Supplied entries: Begin
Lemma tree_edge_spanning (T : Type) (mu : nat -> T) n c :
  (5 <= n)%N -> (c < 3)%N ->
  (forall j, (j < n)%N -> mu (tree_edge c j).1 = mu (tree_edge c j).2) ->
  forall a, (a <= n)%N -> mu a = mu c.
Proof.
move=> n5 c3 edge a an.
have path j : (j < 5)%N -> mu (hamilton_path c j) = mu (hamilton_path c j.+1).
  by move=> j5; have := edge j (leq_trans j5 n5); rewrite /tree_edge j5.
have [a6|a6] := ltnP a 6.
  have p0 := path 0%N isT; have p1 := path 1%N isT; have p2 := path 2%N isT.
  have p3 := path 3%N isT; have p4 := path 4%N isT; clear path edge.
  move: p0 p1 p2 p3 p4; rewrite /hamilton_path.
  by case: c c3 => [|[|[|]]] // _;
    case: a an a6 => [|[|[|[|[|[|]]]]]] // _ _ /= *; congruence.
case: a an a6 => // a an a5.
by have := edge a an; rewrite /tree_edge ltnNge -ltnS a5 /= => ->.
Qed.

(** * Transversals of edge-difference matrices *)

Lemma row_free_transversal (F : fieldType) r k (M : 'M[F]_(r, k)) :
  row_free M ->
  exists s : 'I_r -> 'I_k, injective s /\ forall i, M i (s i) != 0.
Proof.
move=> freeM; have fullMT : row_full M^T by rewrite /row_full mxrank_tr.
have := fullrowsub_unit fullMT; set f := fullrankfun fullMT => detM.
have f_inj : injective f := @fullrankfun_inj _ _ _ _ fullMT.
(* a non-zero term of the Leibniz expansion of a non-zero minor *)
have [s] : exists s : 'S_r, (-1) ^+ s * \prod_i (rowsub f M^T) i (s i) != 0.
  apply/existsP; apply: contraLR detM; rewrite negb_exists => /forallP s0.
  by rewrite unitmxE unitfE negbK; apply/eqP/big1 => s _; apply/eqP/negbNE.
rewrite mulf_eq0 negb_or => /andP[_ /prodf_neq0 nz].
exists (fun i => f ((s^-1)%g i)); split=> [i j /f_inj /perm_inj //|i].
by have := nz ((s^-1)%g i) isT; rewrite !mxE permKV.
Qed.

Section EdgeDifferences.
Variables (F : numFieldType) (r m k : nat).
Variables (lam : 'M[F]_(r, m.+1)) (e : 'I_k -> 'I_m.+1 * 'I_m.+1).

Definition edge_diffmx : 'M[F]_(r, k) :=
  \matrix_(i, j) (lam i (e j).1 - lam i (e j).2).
Supplied entries: End
• _What you need to do_
Above is a listing; print exactly its lines from the one with "have := fullrowsub_unit" through the one with "apply/existsP; apply: contraLR", and no other lines.

• _Written reply_
have := fullrowsub_unit fullMT; set f := fullrankfun fullMT => detM.
have f_inj : injective f := @fullrankfun_inj _ _ _ _ fullMT.
(* a non-zero term of the Leibniz expansion of a non-zero minor *)
have [s] : exists s : 'S_r, (-1) ^+ s * \prod_i (rowsub f M^T) i (s i) != 0.
  apply/existsP; apply: contraLR detM; rewrite negb_exists => /forallP s0.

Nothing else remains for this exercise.